Though the state government and the OERC are fighting a bitter battle in public over the issue of tariff hike, people in the state believe they are engaged in a mock fight to divert the anger of the consumers. Tariff experts feel neither the state government nor the OERC can shrug off their responsibility on the issue. The government can intervene and absorb the hike by providing subsidy. In the pre-reform days, the government was pumping in about Rs 250 crore per annum to the State Electricity Board to absorb the loss.Experts also blamed the OERC for calculating tariff on certain assumptions.
For example, they pointed out that the OERC has no definite information about the transmission & distribution loss. The government record says it is 42 per cent, the distribution companies claim it is higher than that, and the OERC has pegged it at 34 per cent. In the absence of an energy audit, how is it that OERC fixed the T&D loss at 34 per cent, they ask. According to them, the T&D loss would be much less than 34 per cent in Orissa given the locations of the thermal and hydro power stations and the industrial units.
In 1993, following liberalisation of the Indian economy, Orissa decided to usher in reforms in the power sector taking a $350 million World Bank loan.
The process started with the unbundling of the OSEB into two entities - Gridco and Orissa Hydro Power Corp (OHPC). While Gridco would be in charge of T&D, OHPC would take over all hydel stations in the state.

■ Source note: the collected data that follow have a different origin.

(* Let $0<\beta<2$, $d\in\mathbb{N}$, $\kappa\in\mathbb{R}$ and $N\in(0,\infty)$. Suppose that \[\frac1N(\mathcal{L}u(x))^2\le \Gamma_2(u)(x)+\kappa\,\Gamma(u)(x)\] holds for all $u\in C_c^\infty(\mathbb{R}^d)$ and all $x\in\mathbb{R}^d$ (i.e. $\mathcal{L}$ satisfies $CD(\kappa,N)$). Then \[\frac1N(\mathcal{L}u(x))^2\le \Gamma_2(u)(x)\] for all $u\in C_c^\infty(\mathbb{R}^d)$ and all $x\in\mathbb{R}^d$, i.e. $\mathcal{L}$ satisfies $CD(0,N)$.
   Context: $c_{\beta,d}=\frac{2^\beta\Gamma(\frac{d+\beta}{2})}{\pi^{d/2}|\Gamma(-\frac{\beta}{2})|}$; $\mathcal{L}u(x)=c_{\beta,d}\int_{\mathbb{R}^d}\frac{u(x+h)-2u(x)+u(x-h)}{|h|^{d+\beta}}dh$; $\Gamma(u)(x)=c_{\beta,d}\int_{\mathbb{R}^d}\frac{(u(x+h)-u(x))^2}{|h|^{d+\beta}}dh$; $\Gamma_2(u)(x)=c_{\beta,d}^2\int_{\mathbb{R}^d}\int_{\mathbb{R}^d}\frac{[u(x+h+\sigma)-u(x+h)-u(x+\sigma)+u(x)]^2}{|h|^{d+\beta}|\sigma|^{d+\beta}}dh\,d\sigma$. *)

From Stdlib Require Import Reals Lra List Classical ClassicalEpsilon.
Open Scope R_scope.

(* Points of R^d are encoded as  v : nat -> R  of which only the
   coordinates 0 .. d-1 are relevant. Functions on R^d are functions
   (nat -> R) -> R that depend only on the first d coordinates. *)

Definition vadd (x h : nat -> R) : nat -> R := fun i => x i + h i.
Definition vsub (x h : nat -> R) : nat -> R := fun i => x i - h i.

Fixpoint sum_upto (d : nat) (f : nat -> R) : R :=
  match d with O => 0 | S k => sum_upto k f + f k end.
Fixpoint prod_upto (d : nat) (f : nat -> R) : R :=
  match d with O => 1 | S k => prod_upto k f * f k end.

Definition vnorm (d : nat) (h : nat -> R) : R :=
  sqrt (sum_upto d (fun i => h i ^ 2)).

(* defined as the supremum of the integrals of nonnegative step functions
   (finite sums of multiples of indicators of closed boxes) lying below f. *)

Definition Rleb (a b : R) : bool := if Rle_dec a b then true else false.

Fixpoint in_boxb (d : nat) (a b x : nat -> R) : bool :=
  match d with
  | O => true
  | S k => in_boxb k a b x && Rleb (a k) (x k) && Rleb (x k) (b k)
  end.

Definition box_vol (d : nat) (a b : nat -> R) : R :=
  prod_upto d (fun i => b i - a i).

Definition step := (R * (nat -> R) * (nat -> R))%type.

Fixpoint step_val (d : nat) (l : list step) (x : nat -> R) : R :=
  match l with
  | nil => 0
  | (c, a, b) :: l' => (if in_boxb d a b x then c else 0) + step_val d l' x
  end.

Fixpoint step_int (d : nat) (l : list step) : R :=
  match l with
  | nil => 0
  | (c, a, b) :: l' => c * box_vol d a b + step_int d l'
  end.

Definition step_ok (d : nat) (f : (nat -> R) -> R) (l : list step) : Prop :=
  Forall (fun p : step => let '(c, a, b) := p in
            0 <= c /\ forall i, (i < d)%nat -> a i <= b i) l
  /\ forall x, step_val d l x <= f x.
Lemma adjmx_mixing n (adj : rel 'I_n) (d r : nat) (s : seq algC) (X : {set 'I_n}) :
  symmetric adj -> (forall x, #|[set y | adj x y]| = d) ->
  char_poly (adjmx adj) = ('X - d%:R%:P) * \prod_(a <- s) ('X - a%:P) ->
  (forall a, a \in s -> `|a| ^+ 2 <= r%:R) -> (r < d ^ 2)%N ->
  (d ^ 2 * #|X| ^ 2 <= n * \sum_w deg_in adj X w ^ 2)%N /\
  (n * \sum_w deg_in adj X w ^ 2 + r * #|X| ^ 2
     <= d ^ 2 * #|X| ^ 2 + r * (n * #|X|))%N.
Proof.
move=> adj_sym adj_reg M_char s_small gap; set M := adjmx adj.
have M_normal : M \is normalmx.
  apply/hermitian_normalmx/is_hermitianmxP; rewrite expr0 scale1r.
  by apply/matrixP => i j; rewrite !mxE conjC_nat adj_sym.
have ones_eigen : (const_mx 1 : 'rV[algC]_n) *m M = d%:R *: const_mx 1.
  apply/rowP => j; rewrite !mxE mulr1 -(adj_reg j) -sum1_card natr_sum.
  rewrite [RHS]big_mkcond /=.
  by apply: eq_bigr => i _; rewrite !mxE mul1r inE adj_sym; case: (adj j i).
have gap' : r%:R < `|d%:R| ^+ 2 :> algC by rewrite normr_nat -natrX ltr_nat.
set x : 'rV[algC]_n := \row_i (i \in X)%:R.
have [lo hi] := mixing_bound M_normal M_char s_small gap' ones_eigen x.
have sum_x : \sum_j x 0 j = #|X|%:R.
  rewrite -sum1_card natr_sum [RHS]big_mkcond /=.
  by apply: eq_bigr => j _; rewrite mxE; case: (j \in X).
have norm_x : sqnorm x = #|X|%:R.
  rewrite -sum1_card natr_sum [RHS]big_mkcond /=.
  apply: eq_bigr => j _; rewrite mxE.
  by case: (j \in X); rewrite ?normr1 ?normr0 ?expr1n ?expr0n.
have norm_xM : sqnorm (x *m M) = (\sum_w deg_in adj X w ^ 2)%:R.
  rewrite natr_sum; apply: eq_bigr => w _; rewrite natrX -normr_nat; congr (`|_| ^+ 2).
  rewrite !mxE natr_sum; apply: eq_bigr => a _; rewrite !mxE adj_sym.
  by case: (a \in X); case: (adj w a); rewrite ?mul1r ?mul0r.
rewrite sum_x norm_x norm_xM !normr_nat -!natrX -!natrM -!natrD !ler_nat in lo hi.
by split.
Qed.

Lemma bin2_double k : ('C(k, 2) * 2 + k = k * k)%N.
Proof. by elim: k => // k IH; rewrite binS bin1; lia. Qed.

Lemma jumbled_real_bound (R : realFieldType) (q k e S C : R) (D := q ^+ 2 + 1) :
  1 <= q -> 0 <= k -> C * 2 + k = k ^+ 2 ->
  (q + 1) ^+ 2 * k ^+ 2 <= D * (q + 1) * S ->
  D * (q + 1) * S + 2 * q * k ^+ 2
    <= (q + 1) ^+ 2 * k ^+ 2 + 2 * q * (D * (q + 1) * k) ->
  e * 2 + (q + 1) * k <= S -> S <= e * 2 + (3 * q + 1) * k ->
  `|e - q / D * C| <= (2 * q + 1) * k.
Proof.
move=> q1 k0 hC lo hi Slo Shi.
have D0 : 0 < D by rewrite /D; nra.
have q10 : 0 < q + 1 by lra.
have -> : e - q / D * C = (D * e - q * C) / D by field; rewrite gt_eqF.
rewrite normrM normfV (gtr0_norm D0) ler_pdivrMr // ler_norml.
have DS : (q + 1) * k ^+ 2 <= D * S by rewrite -(ler_pM2l q10); nra.
have DShi := ler_wpM2l (ltW D0) Shi.
have DSlo := ler_wpM2l (ltW D0) Slo.
apply/andP; split; first nra.
rewrite -(ler_pM2l q10).
have := ler_wpM2l (ltW q10) DSlo.
have hCq : q * (q + 1) * (C * 2 + k) = q * (q + 1) * k ^+ 2 by rewrite hC.
(* (q + 1) times the slack of the upper estimate *)
have res : 0 <= k ^+ 2 * (q - 1) + k * ((q + 1) * (D * (3 * q + 3) - q)).
  apply: addr_ge0; first by apply: mulr_ge0; nra.
  by apply: mulr_ge0 => //; apply: mulr_ge0; rewrite /D; nra.
rewrite /D in hCq res hi *; nra.
Qed.
(* By continuity of the lines, path weights between fixed endpoints are
   bounded, so each path weight is at most the last passage value. *)
Lemma path_weight_le_lpp t y n x m : y <= x ->
  up_right_path t y n x m -> path_weight t m n <= lpp f y n x m.
Proof.
move=> yx path.
have /choice [M bound] : forall i, exists M, forall u, y <= u <= x -> `|f i u| <= M.
  move=> i; have [c _ max] := @EVT_max R (fun u => `|f i u|) y x yx
    (continuous_subspaceT (fun u => continuous_comp (f_cont i u) (@norm_continuous _ R _))).
  by exists `|f i c| => u hu; apply: max; rewrite in_itv.
apply: ub_le_sup; last by exists t; case: path.
exists (\sum_(m <= i < n.+1) (M i + M i)) => _ [s [sy sx smono ->]].
apply: ler_sum_nat => i mi.
have between := @up_right_path_between s y n x m (And3 sy sx smono).
apply: le_trans (ler_norm _) _; apply: le_trans (ler_normB _ _) _.
by apply: lerD; apply: bound; apply: between; lia.
Qed.

(* Conversely, a common upper bound of all path weights bounds the last
   passage value (the path jumping at time x on every line but n shows that
   paths exist). *)
Lemma lpp_le_ub y n x m (C : R) : (m <= n)%N -> y <= x ->
  (forall t, up_right_path t y n x m -> path_weight t m n <= C) ->
  lpp f y n x m <= C.
Proof.
move=> mn yx ub; apply: ge_sup => [|_ [t [ty tx tmono ->]]]; last by apply: ub.
pose t i := if i == n.+1 then y else x.
exists (path_weight t m n), t; split => //; first by rewrite /t eqxx.
- by rewrite /t; case: eqP => // mN; exfalso; lia.
- move=> i mi; rewrite /t eqSS.
  have -> : (i == n.+1) = false by apply/eqP; lia.
  by case: eqP.
Qed.

(* Discrete intermediate value theorem: if the path t starts (at line k+1)
   weakly left of s and ends (at line m) weakly right of s, then the two
   paths cross between consecutive lines j+1 and j for some m <= j <= k. *)
Lemma paths_cross s t m k : (m <= k)%N ->
  t k.+1 <= s k.+1 -> s m <= t m ->
  exists j, [/\ (m <= j <= k)%N, s j <= t j & t j.+1 <= s j.+1].
Proof.
move=> mk top bottom.
suff from d i : (i + d)%N = k -> (m <= i)%N -> s i <= t i ->
    exists j, [/\ (i <= j <= k)%N, s j <= t j & t j.+1 <= s j.+1].
  have [j [ij ? ?]] := from (k - m)%N m ltac:(lia) (leqnn _) bottom.
  by exists j; split => //; lia.
elim: d => [|d IH] in i *; move=> idk mi sti.
  by exists i; split => //; [lia | rewrite addn0 in idk; rewrite idk].
have [le|lt] := leP (t i.+1) (s i.+1); first by exists i; split => //; lia.
have [j [ij ? ?]] := IH i.+1 ltac:(lia) ltac:(lia) (ltW lt).
by exists j; split => //; lia.
Qed.

Definition splice s t j : nat -> R := fun i => if (i <= j)%N then s i else t i.

Lemma splice_up_right {s t} j {ys yt xs xt n m} : (m <= j <= n)%N ->
  t j.+1 <= s j -> up_right_path s ys n xs m -> up_right_path t yt n xt m ->
  up_right_path (splice s t j) yt n xs m.
Proof.
move=> /andP[mj jn] cross [_ sx smono] [ty _ tmono]; rewrite /splice.
split; first by case: leqP => // ?; exfalso; lia.
  by case: leqP => // ?; exfalso; lia.
move=> i mi; case: leqP => ?; case: leqP => ?; try (exfalso; lia).
- by have -> : i = j by lia.
- by apply: tmono; lia.
- by apply: smono; lia.
Qed.

Lemma splice_weight s t j m n :
  path_weight s m n + path_weight t m n =
  path_weight (splice s t j) m n + path_weight (splice t s j) m n.
Proof.
rewrite /path_weight -!big_split; apply: eq_big_nat => i _ /=; rewrite /splice.
by case: leqP => ?; case: leqP => ?; first [ring | lia].
Qed.

(* Quadrangle inequality for last passage values: for A <= B <= x <= z any
   paths A -> z and B -> x cross, and exchanging their parts after the
   crossing yields paths A -> x and B -> z of the same total weight. *)
Lemma lpp_quadrangle (A B x z : R) m k : (m <= k)%N ->
  A <= B -> B <= x -> x <= z ->
  lpp f A k z m + lpp f B k x m <= lpp f A k x m + lpp f B k z m.
Proof.
move=> mk AB Bx xz.
have Ax : A <= x by apply: le_trans Bx.
have Bz : B <= z by apply: le_trans xz.
have Az : A <= z by apply: le_trans xz.
set C := lpp f A k x m + lpp f B k z m.
have swap t s : up_right_path t A k z m -> up_right_path s B k x m ->
    path_weight t m k + path_weight s m k <= C.
  move=> tpath spath; have [tA tz _] := tpath; have [sB sx smono] := spath.
  have [j [jr sjtj tjsj]] := @paths_cross s t m k mk
    ltac:(by rewrite tA sB) ltac:(by rewrite sx tz).
  rewrite addrC (splice_weight s t j); apply: lerD; apply: path_weight_le_lpp => //.
    apply: (splice_up_right j jr _ spath tpath).
    by apply: le_trans tjsj (smono j _); lia.
  apply: (splice_up_right j jr _ tpath spath).
  by apply: le_trans (smono j _) sjtj; lia.
rewrite -lerBrDr; apply: lpp_le_ub => // t tpath.
rewrite lerBrDr addrC -lerBrDr; apply: lpp_le_ub => // s spath.
by rewrite lerBrDr addrC; apply: swap.
Qed.
End LastPassage.

Section ContinuityAndRationals.
Variable R : realType.

Lemma ge0_from_right_rationals (h : R -> R) (x y : R) : x < y ->
  {for x, continuous h} -> (forall q : rat, x < ratr q < y -> 0 <= h (ratr q)) ->
  0 <= h x.
Proof.
move=> xy hx hq; rewrite leNgt; apply/negP => hx0.
have /cvgrPdist_lt /(_ (- h x)) := hx.
move=> /(_ ltac:(lra)) /nbhs_ballP [e /= e0 close].
have [q] : exists q : rat, ratr q \in `]x, Num.min (x + e) y[.
  by apply: rat_in_itvoo; rewrite lt_min xy ltrDl e0.
rewrite in_itv /= lt_min => /andP[xq /andP[qe qy]].
have /close : ball x e (ratr q).
  by rewrite -ball_normE /= ltr_norml; apply/andP; split; lra.
have := hq q ltac:(by rewrite xq qy).
rewrite /= ltr_norml => ? /andP[? ?]; lra.
Qed.

Lemma homo_from_rationals (D : R -> R) (c : R) : continuous D ->
  (forall qx qz : rat, c < ratr qx -> qx <= qz -> D (ratr qx) <= D (ratr qz)) ->
  {in `]c, +oo[ &, {homo D : x z / x <= z}}.
Proof.
move=> Dcont Drat x z; rewrite !in_itv /= !andbT => cx _ xz.
have from_rational (qx : rat) (z' : R) : c < ratr qx -> ratr qx <= z' ->
    D (ratr qx) <= D z'.
  move=> cq qz; rewrite -subr_ge0.
  apply: (@ge0_from_right_rationals (fun t => D t - D (ratr qx)) z' (z' + 1)) => [||q qrange].
  - lra.
  - exact: cvgB (Dcont z') (cvg_cst _).
  - by rewrite subr_ge0; apply: Drat; rewrite // -(ler_rat R); lra.
have [<-|neq] := eqVneq x z; first by [].
rewrite -subr_ge0; apply: (@ge0_from_right_rationals (fun t => D z - D t) x z) => [||q qrange].
- by rewrite lt_neqAle neq.
- exact: cvgB (cvg_cst _) (Dcont x).
- by rewrite subr_ge0; apply: from_rational; lra.
Qed.

Lemma homo_from_all_rationals (D : R -> R) : continuous D ->
  (forall qx qz : rat, qx <= qz -> D (ratr qx) <= D (ratr qz)) ->
  {homo D : x z / x <= z}.
Proof.
move=> Dcont Drat x z xz.
apply: (@homo_from_rationals D (x - 1)) => // [qx qz _||]; first exact: Drat.
all: by rewrite in_itv /= andbT; lra.
Qed.

Lemma continuous_slice_r (F : R -> R -> R) (a : R) :
  continuous (fun p : R * R => F p.1 p.2) -> continuous (F a).
Proof.
move=> Fcont x.
have pair_cvg : (fun x' : R => (a, x')) @ x --> (a, x).
  exact: (cvg_pair (cvg_cst a) cvg_id).
exact: (continuous_comp pair_cvg (Fcont (a, x))).
Qed.

Lemma continuous_slice_l (F : R -> R -> R) (x : R) :
  continuous (fun p : R * R => F p.1 p.2) -> continuous (F^~ x).
Proof.
move=> Fcont a.
have pair_cvg : (fun a' : R => (a', x)) @ a --> (a, x).
  exact: (cvg_pair cvg_id (cvg_cst x)).
exact: (continuous_comp pair_cvg (Fcont (a, x))).
Qed.
End ContinuityAndRationals.

Section SheetQuadrangle.
Variable R : realType.

Lemma start_time_mono (a b : R) k : 0 < a -> a <= b ->
  start_time a k <= start_time b k.
Proof.
move=> a0 ab; rewrite /start_time lerN2; apply: ler_wsqrtr.
by apply: ler_wpM2l => //; rewrite lef_pV2 ?posrE; lra.
Qed.

Lemma start_time_le (y x : R) k : 0 < y -> 2 * y * x ^+ 2 <= k%:R ->
  start_time y k <= x.
Proof.
move=> y0 large; rewrite /start_time.
have : x ^+ 2 <= k%:R / (2 * y) by rewrite ler_pdivlMr; lra.
move=> /ler_wsqrtr; rewrite sqrtr_sqr => absx.
have := ler_norm (- x); rewrite normrN; lra.
Qed.

(* For k large both increments are differences of last passage values from
   (a)_k and (b)_k, and start_time a k <= start_time b k <= x <= z. *)
Lemma rational_quadrangle (L : nat -> R -> R) (S : R -> R -> R) :
  (forall i, continuous (L i)) ->
  (forall x y z : rat, 0 < y -> exists K : nat, forall k : nat, (K <= k)%N ->
      S (ratr y) (ratr z) - S (ratr y) (ratr x) =
      lpp L (start_time (ratr y) k) k (ratr z) 1
      - lpp L (start_time (ratr y) k) k (ratr x) 1) ->
  forall qa qb qx qz : rat, 0 < qa -> qa <= qb -> qx <= qz ->
  S (ratr qa) (ratr qz) - S (ratr qa) (ratr qx) <=
  S (ratr qb) (ratr qz) - S (ratr qb) (ratr qx).
Proof.
move=> Lcont coupling qa qb qx qz qa0 qab qxz.
have [Ka incr_a] := coupling qx qa qz qa0.
have [Kb incr_b] := coupling qx qb qz (lt_le_trans qa0 qab).
set N := (Num.truncn (2 * ratr qb * (ratr qx : R) ^+ 2)).+1.
set k := maxn (maxn Ka Kb) (maxn N 1).
rewrite (incr_a k) ?(incr_b k); try (rewrite /k; lia).
have a0 : 0 < (ratr qa : R) by rewrite ltr0q.
have ab : (ratr qa : R) <= ratr qb by rewrite ler_rat.
have xz : (ratr qx : R) <= ratr qz by rewrite ler_rat.
have AB := @start_time_mono _ _ k a0 ab.
have Bx : start_time (ratr qb : R) k <= ratr qx.
  apply: start_time_le; first exact: lt_le_trans ab.
  apply: le_trans (ltW (truncnS_gt _)) _; rewrite ler_nat -/N /k; lia.
have := @lpp_quadrangle R L Lcont _ _ _ _ 1 k ltac:(rewrite /k; lia) AB Bx xz.
lra.
Qed.

Lemma quadrangle_from_rationals (S : R -> R -> R) :
  continuous (fun p : R * R => S p.1 p.2) ->
  (forall qa qb qx qz : rat, 0 < qa -> qa <= qb -> qx <= qz ->
    S (ratr qa) (ratr qz) - S (ratr qa) (ratr qx) <=
    S (ratr qb) (ratr qz) - S (ratr qb) (ratr qx)) ->
  forall x z, x <= z ->
  {in `]0, +oo[ &, {homo (fun a => S a z - S a x) : a b / a <= b}}.
Proof.
move=> Scont Srat x z xz.
have rat_times (qa qb : rat) : 0 < qa -> qa <= qb ->
    S (ratr qa) z - S (ratr qa) x <= S (ratr qb) z - S (ratr qb) x.
  move=> qa0 qab.
  have incr_mono : {homo (fun t => S (ratr qb) t - S (ratr qa) t) : u v / u <= v}.
    apply: homo_from_all_rationals => [|qx qz qxz].
      by move=> t; apply: cvgB; apply: continuous_slice_r.
    by have := Srat qa qb qx qz qa0 qab qxz; lra.
  by have := incr_mono x z xz; lra.
apply: homo_from_rationals => [|qa qb].
  by move=> a; apply: cvgB; apply: continuous_slice_l.
by rewrite ltr0q; exact: rat_times.
Qed.
End SheetQuadrangle.

Section LawTransfer.
Context (R : realType) (d : measure_display) (Omega : measurableType d)
  (Pr : probability Omega R).
Implicit Types (F G : Omega -> R -> R -> R) (l : seq (R * R * R)).

Lemma ae_countable (T : countType) (P : T -> Omega -> Prop) :
  (forall t, \forall w \ae Pr, P t w) -> \forall w \ae Pr, forall t, P t w.
Proof.
move=> ae_each.
have := @ae_foralln _ _ R Pr (fun n w => forall t, unpickle n = Some t -> P t w).
case=> [n|N [mN N0 Nbad]].
  case: (unpickle n) => [t|]; last by apply: nearW.
  by apply: filterS (ae_each t) => w Ptw _ [<-].
exists N; split => // w notall; apply: Nbad => all_n; apply: notall => t.
by apply: (all_n (pickle t)); rewrite pickleK.
Qed.

Definition below F l : set Omega :=
  [set w | forall p, p \in l -> F w p.1.1 p.1.2 <= p.2].

Lemma below_cat F l1 l2 : below F (l1 ++ l2) = below F l1 `&` below F l2.
Proof.
apply/seteqP; split => w /=.
  by move=> all12; split => p lp; apply: all12; rewrite mem_cat lp ?orbT.
by move=> [all1 all2] p; rewrite mem_cat => /orP[/all1|/all2].
Qed.

Lemma below_measurable F : (forall x y, measurable_fun setT (fun w => F w x y)) ->
  forall l, measurable (below F l).
Proof.
move=> Fmeas; elim=> [|p l IH].
  by rewrite (_ : below F [::] = setT) //; apply/seteqP; split => w.
rewrite (_ : below F (p :: l) = below F [:: p] `&` below F l); last first.
  by rewrite -below_cat.
apply: measurableI => //.
rewrite (_ : below F [:: p] = (fun w => F w p.1.1 p.1.2) @^-1` `]-oo, p.2]).
  by rewrite -[X in measurable X]setTI; exact: Fmeas.
apply/seteqP; split => w /=; rewrite in_itv /=.
  by apply; rewrite mem_head.
by move=> Fwp q; rewrite inE => /eqP ->.
Qed.

Lemma prob_diff_union (A B C : set Omega) :
  measurable A -> measurable B -> measurable C ->
  Pr (A `\` (B `|` C)) =
  (Pr A - (Pr (A `&` B) + Pr (A `&` C) - Pr (A `&` B `&` C)))%E.
Proof.
move=> mA mB mC.
have finite (X : set Omega) : measurable X -> (Pr X < +oo)%E.
  by move=> mX; have /fin_numPlt/andP[] := fin_num_measure Pr _ mX.
have mBC : measurable (B `|` C) by exact: measurableU.
rewrite measureD //; last exact: finite.
have mAB : measurable (A `&` B) by exact: measurableI.
have mAC : measurable (A `&` C) by exact: measurableI.
congr (_ - _)%E; rewrite setIUr.
have -> : A `&` B `&` C = (A `&` B) `&` (A `&` C) by rewrite -setIIr setIA.
exact: measureUfinl (finite _ mAB).
Qed.

(* The event {F(p1) <= a, F(p4) <= e, F(p2) > b, F(p3) > c}; when
   a + e < b + c it witnesses F(p1) + F(p4) < F(p2) + F(p3). *)
Definition gap_event F (p1 p2 p3 p4 : R * R) (a b c e : R) : set Omega :=
  below F [:: (p1, a); (p4, e)] `\` (below F [:: (p2, b)] `|` below F [:: (p3, c)]).

Lemma gap_event_measurable F {p1 p2 p3 p4 : R * R} {a b c e : R} :
  (forall x y, measurable_fun setT (fun w => F w x y)) ->
  measurable (gap_event F p1 p2 p3 p4 a b c e).
Proof.
by move=> Fmeas; apply: measurableD; [|apply: measurableU]; exact: below_measurable.
Qed.

(* By inclusion-exclusion the probability of a gap event only depends on the
   joint distribution functions of the process. *)
Lemma gap_event_prob F G :
  (forall x y, measurable_fun setT (fun w => F w x y)) ->
  (forall x y, measurable_fun setT (fun w => G w x y)) ->
  (forall l, Pr (below F l) = Pr (below G l)) ->
  forall (p1 p2 p3 p4 : R * R) a b c e, Pr (gap_event F p1 p2 p3 p4 a b c e) = Pr (gap_event G p1 p2 p3 p4 a b c e).
Proof.
move=> Fmeas Gmeas law p1 p2 p3 p4 a b c e.
rewrite !prob_diff_union; try exact: below_measurable.
by rewrite -!below_cat !law.
Qed.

Earlier, the state government had sold out its Talcher Thermal Power Station to National Thermal Power Corp. Orissa Power Generation Corp (OPGC), which owns 2x210mw coal-fired stations at Ib Valley, was operating as a special entity.
The state government then sold 49 per cent of stake in OPGC in favour of US utility AES Corp and handed over the management of the company. This was followed by Gridco spinning off four distribution companies - Cesco, Wesco, Nesco and Southco - as subsidiaries only, to be privatised later on. In April 1999, Gridco offloaded 51 per cent stakes in three distribution companies - Wesco, Nesco and Southco - in favour of Mumbai-based BSES Ltd. through an international competitive bidding route.
Then, Gridco cajoled AES Corporation to take up 51 per cent stake in Cesco as winner of the biddings Tata Electric Companies refused to acquire the subsidiary on the ground that the conditions were not acceptable to it.
However, the reforms process is facing the worst ever attack from all quarters in the recent months. Not only the people and the Opposition, but also the government and the OERC have seemingly become sceptical about success of the reforms.